Silberdistel 04.10. 08:59
Tatsache ist wohl leider
– dass es immer wieder grosse Zyklen von Klimaschwankungen gab und innerhalb dieser dann noch einmal kürzere Zwischenzyklen,
– auch, dass die Experten lediglich darüber streiten, wie gross und beschleunigend der vom Menschen zu verantwortende Anteil ist,
– dass die Verschmutzung der Atmosphäre zum grösstenteils menschenverursacht ist,
– dass erdgeschichtliche Erwärmungen immer wieder auch gebundene Stickstoffgase (siehe Sibirien) freigesetzt haben und damit einen Glashauseffekt auslösten bzw. verstärkten,
– dass Höhengletscher und polare Eismassen gravierend zurückgehen, wie vor Ort unschwer festzustellen, mit beträchtlichen klimatischen Auswirkungen (man denke an den Golfstrom),
– dass der Meerespiegel steigt. Schlimmstes Beispiel: die Verlegung Jakartas,
– dass Umweltverschmutzung und -zerstörung in erster Linie dem Menschen anzulasten sind. Generelle Ursache ist die Überbevölkerung, die der Natur als Lebensgrundlage immer weniger Platz lässt. Die Krone der Schöpfung ist sozusagen das Krebsleiden unseres Planeten. Jede andere Überpopulation wird durch Naturmechanismen wieder auf ihr normales Mass zurückgestutzt, nur beim Menschen funktioniert das nicht: er bekommt mit der Zeit jede Epidemie und Krankheit in den Griff.

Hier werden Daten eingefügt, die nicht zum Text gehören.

Lemma mxtrace_maxcorr_diag : \tr sigma = \sum_i t i i.
Proof.
rewrite raddf_sum; apply: eq_bigr => i _.
by rewrite /= mxtraceZ mxtrace_tens !mxtrace_ketbra_col // !eqxx mulr1 mulr1.
Qed.

Hypothesis density_tau : density tau.

Let t_ge0 i : 0 <= t i i := psd_maxcorr_coef_ge0 i density_tau.1.

Lemma density_maxcorr_diag : density sigma.
Proof.
split; last by rewrite mxtrace_maxcorr_diag -mxtrace_maxcorr density_tau.2.
by apply: psd_sumZ => // i; apply: psd_ketbra_tens.
Qed.

Lemma PPT_maxcorr_diag : PPT sigma.
Proof.
split; first exact: density_maxcorr_diag.
rewrite ptransB_sumZ; apply: psd_sumZ => // i.
by rewrite ptransB_tens trmx_ketbra; apply: psd_ketbra_tens.
Qed.

Lemma SEP_maxcorr_diag : SEP sigma.
Proof.
exists n, (fun i => t i i), (fun i => ketbra (col (idxA i) UA) (col (idxA i) UA)),
  (fun i => ketbra (col (idxB i) UB) (col (idxB i) UB)).
split=> // [|i|i]; try exact: density_ketbra_col.
by rewrite -mxtrace_maxcorr density_tau.2.
Qed.

End MaximallyCorrelated.

Unset Implicit Arguments.
Set Strict Implicit.

Theorem theorem6 (C : numClosedFieldType) (dA dB : nat)
    (UA : 'M[C]_dA) (UB : 'M[C]_dB) (t : 'M[C]_(minn dA dB)) :
  unitary UA -> unitary UB ->
  density (maxcorr UA UB t) ->
  let tau := maxcorr UA UB t in
  let sigma := maxcorr_diag UA UB t in
  let l1 := l1norm_in (UA *t UB) in
  [/\ PPT sigma, SEP sigma,
      forall xi : 'M[C]_(dA * dB), PPT xi -> l1 (tau - sigma) <= l1 (tau - xi) &
      forall xi : 'M[C]_(dA * dB), SEP xi -> l1 (tau - sigma) <= l1 (tau - xi)].
Proof.
move=> unitaryA unitaryB density_tau tau sigma l1; split.
- exact: PPT_maxcorr_diag.
- exact: SEP_maxcorr_diag.
- move=> xi [_ psd_ptrans_xi]; apply: l1_maxcorr_dephase_le => //.
  exact: cross_bounded_ptransB.
- move=> xi sep_xi; apply: l1_maxcorr_dephase_le => //.
  exact: cross_bounded_SEP.
Qed.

– Persönlich bin ich der Überzeugung, die sich abzeichnenden Probleme sind nicht mehr in den Griff zu kriegen: unser Planet verkraftet eben nur eine gewisse Menge unserer Spezies. Die kommenden Generationen tun mir leid.

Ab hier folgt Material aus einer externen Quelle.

(* Let $L$ be a simple Lie algebra over a field $k$ with $|k|>2$, generated by its pure extremal elements, such that there exists a Galois extension $k'/k$ of degree at most $2$ for which the extremal geometry of $L\otimes_k k'$ contains lines, and such that there exist symplectic pairs of extremal elements in $L$. Then $L_{k'}:=L\otimes_k k'$ is simple.
   Context: A nonzero $a$ in a Lie algebra $M$ over $F$ is extremal if there is $g_a\colon M\to F$ with $[a,[a,u]]=2g_a(u)a$, $[[a,u],[a,w]]=g_a([u,w])a+g_a(w)[a,u]-g_a(u)[a,w]$, $[a,[u,[a,w]]]=g_a([u,w])a-g_a(w)[a,u]-g_a(u)[a,w]$ for all $u,w$; sandwiches satisfy $[a,[a,u]]=0=[a,[u,[a,w]]]$; pure = non-sandwich. Pure extremal $a,b$ with $Fa\ne Fb$ are collinear if $[a,b]=0$ and $\lambda a+\mu b$ is extremal or $0$ for all $\lambda,\mu$, and symplectic if $[a,b]=0$ and $\lambda a+\mu b$ is extremal or $0$ only when $\lambda\mu=0$. The extremal geometry (points: $Fa$, $a$ extremal; lines: spans of collinear pairs) contains lines iff a collinear pair exists. *)

From HB Require Import structures.
From mathcomp Require Import all_boot all_order all_algebra all_field.
Set Implicit Arguments. Unset Strict Implicit. Unset Printing Implicit Defensive.
Import GRing.Theory.
Local Open Scope ring_scope.

Section LieNotions.
Variables (F : fieldType) (V : zmodType) (sc : F -> V -> V) (br : V -> V -> V).

Definition is_lie : Prop :=
  [/\ forall (c : F) x y z, br (sc c x + y) z = sc c (br x z) + br y z,
      forall (c : F) x y z, br z (sc c x + y) = sc c (br z x) + br z y,
      forall x, br x x = 0 &
      forall x y z, br x (br y z) + br y (br z x) + br z (br x y) = 0].

Definition extremal (a : V) : Prop :=
  a != 0 /\ exists g : V -> F, forall u w,
    [/\ br a (br a u) = sc (g u *+ 2) a,
        br (br a u) (br a w) = sc (g (br u w)) a + sc (g w) (br a u) - sc (g u) (br a w) &
        br a (br u (br a w)) = sc (g (br u w)) a - sc (g w) (br a u) - sc (g u) (br a w)].

Definition sandwich (a : V) : Prop :=
  extremal a /\ forall u w, br a (br a u) = 0 /\ br a (br u (br a w)) = 0.

Definition pure (a : V) : Prop := extremal a /\ ~ sandwich a.

Definition distinct_points (a b : V) : Prop := ~ exists c : F, b = sc c a.

Definition collinear (a b : V) : Prop :=
  [/\ pure a, pure b, distinct_points a b, br a b = 0 &
      forall l m : F, extremal (sc l a + sc m b) \/ sc l a + sc m b = 0].

Definition symplectic (a b : V) : Prop :=
  [/\ pure a, pure b, distinct_points a b, br a b = 0 &
      forall l m : F, extremal (sc l a + sc m b) \/ sc l a + sc m b = 0 ->
                      l * m = 0].

(* The extremal geometry contains a line, i.e. the span of a collinear pair. *)
Definition geometry_has_lines : Prop := exists a b, collinear a b.

Definition lie_subalgebra (S : V -> Prop) : Prop :=
  [/\ S 0, forall x y, S x -> S y -> S (x + y),
      forall (c : F) x, S x -> S (sc c x) & forall x y, S x -> S y -> S (br x y)].

Definition generated_by_pure_extremal : Prop :=
  forall S, lie_subalgebra S -> (forall x, pure x -> S x) -> forall x, S x.

Definition lie_ideal (I : V -> Prop) : Prop :=
  [/\ I 0, forall x y, I x -> I y -> I (x + y),
      forall (c : F) x, I x -> I (sc c x) & forall x y, I y -> I (br x y)].

Definition lie_simple : Prop :=
  (exists x y, br x y != 0) /\
  forall I, lie_ideal I -> (forall x, I x -> x = 0) \/ (forall x, I x).

End LieNotions.

(* Base change L (x)_k k' for a finite field extension k'/k, realized in
   coordinates w.r.t. the k-basis b = vbasis {:k'}: an element
   sum_i v_i (x) b_i is stored as the finite function i |-> v_i. *)
Section BaseChange.
Variables (k : fieldType) (L : lmodType k) (k' : fieldExtType k).

Definition bc_basis := vbasis {:k'}.

Definition bcT := {ffun 'I_(\dim {:k'}) -> L}.

(* c . (sum_j v_j (x) b_j) = sum_i (sum_j coord_i(c b_j) v_j) (x) b_i *)
Definition bc_scale (c : k') (v : bcT) : bcT :=
  [ffun i => \sum_(j < \dim {:k'}) coord bc_basis i (c * tnth bc_basis j) *: v j].

(* [sum_j v_j (x) b_j, sum_l w_l (x) b_l] = sum_{j,l} [v_j,w_l] (x) b_j b_l *)
Definition bc_bracket (br : L -> L -> L) (v w : bcT) : bcT :=
  [ffun i => \sum_(j < \dim {:k'}) \sum_(l < \dim {:k'})
    coord bc_basis i (tnth bc_basis j * tnth bc_basis l) *: br (v j) (w l)].

End BaseChange.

Bleibt die Frage: könnte die Kirche einen positiven Einfluss ausüben ? Ja, aber sie weigert sich (bisher)…
Ich halte es für anständig mich, nachdem ich mich wie Silvia über Jahre hier engagiert hatte, ebenso meinen Abschied bekannt zu geben. Ich hatte versucht meine Ansicht von Christentum als positiven Impuls eben für dieses mit einzubringen und damit soll es nun auch genug sein.
Das tut mir leid, Silberdistel. Ich werde auch kürzer treten, behalte mir aber vor, gelegentlich zu schreiben.